The sprint and oly distance I did I got 2nd in my age group, top 10% overall. I love to win, but realize I have a lot of time to become better and “tri” to when them overall.
Never realized the mind-body connection is so tight…If anyone has any good books or resources about how to listen to yourself while training (does this category even exist?), I’d appreciate it. I got “The Bible”, but like the way I train more (ie just go out on a run or bike, then depending how I feel, go hard or easy, or push hard up a hill or tempo stuff, etc…)
Thanks everyone so far…looking forward to more comments!
Never realized the mind-body connection is so tight…If anyone has any good books or resources about how to listen to yourself while training (does this category even exist?), I’d appreciate it. I got “The Bible”, but like the way I train more (ie just go out on a run or bike, then depending how I feel, go hard or easy, or push hard up a hill or tempo stuff, etc…)
Then just give it time. Training by RPE (Rate Perceived Exertion) will develop that sense for you.
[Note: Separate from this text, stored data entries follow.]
Lemma path_cond2_nth l : path_cond2 s -> l.+2 < size s ->
  ~~ (((P l).1 == (P l.+1).1) && ((P l.+1).1 == (P l.+2).1)) &&
  ~~ (((P l).2 == (P l.+1).2) && ((P l.+1).2 == (P l.+2).2)).
Proof.
move=> /all_nthP cond2 ls.
have l_zip2 : l < size (zip (behead s) (behead (behead s))).
  by rewrite size_zip !size_behead; lia.
have l_zip : l < size (zip s (zip (behead s) (behead (behead s)))).
  by rewrite !size_zip !size_behead; lia.
have := cond2 (x0, (x0, x0)) l l_zip.
by rewrite nth_zip_cond l_zip /= nth_zip_cond l_zip2 /= !nth_behead.
Qed.

Lemma path_cond3_nth a b l :
  [seq M p.1 p.2 | p <- s] = [seq (if odd l then b else a) | l <- iota 0 (size s)] ->
  l < size s -> M (P l).1 (P l).2 = if odd l then b else a.
Proof.
move=> /(congr1 (nth a ^~ l)) cond3 ls.
by move: cond3; rewrite (nth_map x0) // (nth_map 0) ?size_iota // nth_iota.
Qed.

End PathConditions.

Record alt_loop q m n (M : 'M['I_q]_(m, n)) (a b : 'I_q) (k : nat)
    (P : nat -> 'I_m * 'I_n) : Prop := AltLoop {
  alt_loop_neq : a != b;
  alt_loop_per : forall l, P (l + k) = P l;
  alt_loop_val : forall l, M (P l).1 (P l).2 = if odd l then b else a;
  alt_loop_line : forall l, same_line (P l) (P l.+1);
  alt_loop_turn : forall l,
    ~~ (((P l).1 == (P l.+1).1) && ((P l.+1).1 == (P l.+2).1)) &&
    ~~ (((P l).2 == (P l.+1).2) && ((P l.+1).2 == (P l.+2).2)) }.

Lemma nth_cat_take2 T (x0 : T) s l : 2 <= size s -> l < size s + 2 ->
  nth x0 (s ++ take 2 s) l = nth x0 s (l %% size s).
Proof.
move=> s_ge2 l_lt; rewrite nth_cat; case: ltnP => [l_lt_s|s_le_l].
  by rewrite modn_small.
have -> : l %% size s = l - size s.
  by rewrite -[in LHS](subnK s_le_l) modnDr modn_small; lia.
by rewrite nth_take //; lia.
Qed.

Lemma cycle_alt_loop q m n (M : 'M['I_q]_(m, n)) s : is_cycle M s -> 2 <= size s ->
  exists a b P, alt_loop M a b (size s) P.
Proof.
case: s => // x0 s1; set s := x0 :: s1; set k := size s => cyc k_ge2.
have [_ [cond1 [cond2 [a [b [ab cond3]]]]]] := cyc.
set ext := s ++ take 2 s in cond1 cond2 cond3.
have size_ext : size ext = k + 2 by rewrite size_cat size_takel.
pose P l := nth x0 s (l %% k).
have extP l : l < k + 2 -> nth x0 ext l = P l by exact: nth_cat_take2.
have val_ext l : l < k + 2 -> M (P l).1 (P l).2 = if odd l then b else a.
  by move=> lk; rewrite -extP // (path_cond3_nth _ cond3) // size_ext.
have k_even : ~~ odd k.
  apply: contraNN ab => k_odd.
  have Pk : P k = P 0 by rewrite /P modnn mod0n.
  have k_lt : k < k + 2 by lia.
  by have := val_ext k k_lt; rewrite Pk (val_ext 0) // k_odd /= => ->.
have l_mod l : l %% k < k by rewrite ltn_pmod //; lia.
have ext_mod l : [/\ nth x0 ext (l %% k) = P l, nth x0 ext (l %% k).+1 = P l.+1
                    & nth x0 ext (l %% k).+2 = P l.+2].
  have := l_mod l; split.
  - by rewrite extP /P ?modn_mod //; lia.
  - by rewrite -[(l %% k).+1]addn1 extP /P ?modnDml ?addn1 //; lia.
  - by rewrite -[(l %% k).+2]addn2 extP /P ?modnDml ?addn2 //; lia.
exists a, b, P; split=> // l; have [E0 E1 E2] := ext_mod l.
- by rewrite /P modnDr.
- have -> : P l = P (l %% k) by rewrite /P modn_mod.
  rewrite val_ext; last by have := l_mod l; lia.
  by rewrite {2}(divn_eq l k) oddD oddM (negbTE k_even) andbF.
- rewrite -E0 -E1 path_cond1_nth //.
  by have := l_mod l; lia.
- rewrite -E0 -E1 -E2 path_cond2_nth //.
  by have := l_mod l; lia.
Qed.

(* The closed walk (R 0, C 0), (R 0, C 1), (R 1, C 1), (R 1, C 2), ... of
   period t, alternately turning along a row and along a column, whose entries
   alternate between a (at (R i, C i)) and b (at (R i, C i.+1)). *)
Record zigzag q m n (M : 'M['I_q]_(m, n)) (a b : 'I_q) (t : nat)
    (R : nat -> 'I_m) (C : nat -> 'I_n) : Prop := Zigzag {
  zigzag_neq : a != b;
  zigzag_gt0 : 0 < t;
  zigzag_Rper : forall i, R (i + t) = R i;
  zigzag_Cper : forall i, C (i + t) = C i;
  zigzag_diag : forall i, M (R i) (C i) = a;
  zigzag_off : forall i, M (R i) (C i.+1) = b }.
One thing I did used to do was a lot of self hypnosis/visualization to picture races, events, etc. and that helped immensely, along with a few minutes every day of some simple meditation/calming exercises.
Glad to see you are taking the calorie count back up…a deficit of 500 or so would be good, but really, 4 weeks out from an HIM is not the best time to be trying to lose weight.
As for the pain vs fatigue thing, I think fatigue is a better indicator of when to take a break. Muscle pain is a necessary evil when pushing our body’s…microtears etc. My recommendation is two-fold.
Make sure you are including enough active recovery workouts in your training mix to aid the body in rebuilding after extreme training stresses.
Ice baths…they are great for increasing blood flow to help repair muscles and clear toxins. I started doing them recently on a recommendation from my RMT, and they make a huge difference! I raced this past weekend in a Sprint, went moderately hard but not complete race pace. I did a series of hot bath/cold shower that night, an easy swim and active recovery ride with another ice shower on the Monday, and had a great Tempo run on the Tuesday. I’m in the last week of my build phase, and it was really important to nail that tempo run. I’m pretty certain the ice bath stuffed helped speed up my recovery.
Good luck
Glad to see you are taking the calorie count back up…a deficit of 500 or so would be good, but really, 4 weeks out from an HIM is not the best time to be trying to lose weight.
And I’ll add one more tidbit that freaks some people out and causes them to be underfueled on race day…
Don’t be surprised to GAIN a couple of pounds in the last couple of weeks before your race. I try to hide my scale for the last two weeks before a HIM or IM. It just drives me nuts to watch my weight move around during the taper.
When I was 21, I was relatively indestructible, too. “Taper” meant laying off the beers right before a big race. Now, I see upping your longest run from 5 mi to 16 mi in about a month and I cringe. Makes my joints hurt just reading that. You may be able to get away with it for awhile, but if you want to stay in the game over the long haul, you gotta resist the temptation to fly too close to the sun all the time. Rest is not only OK, it’s necessary. Old saying is that it’s better to be undertrained than overtrained.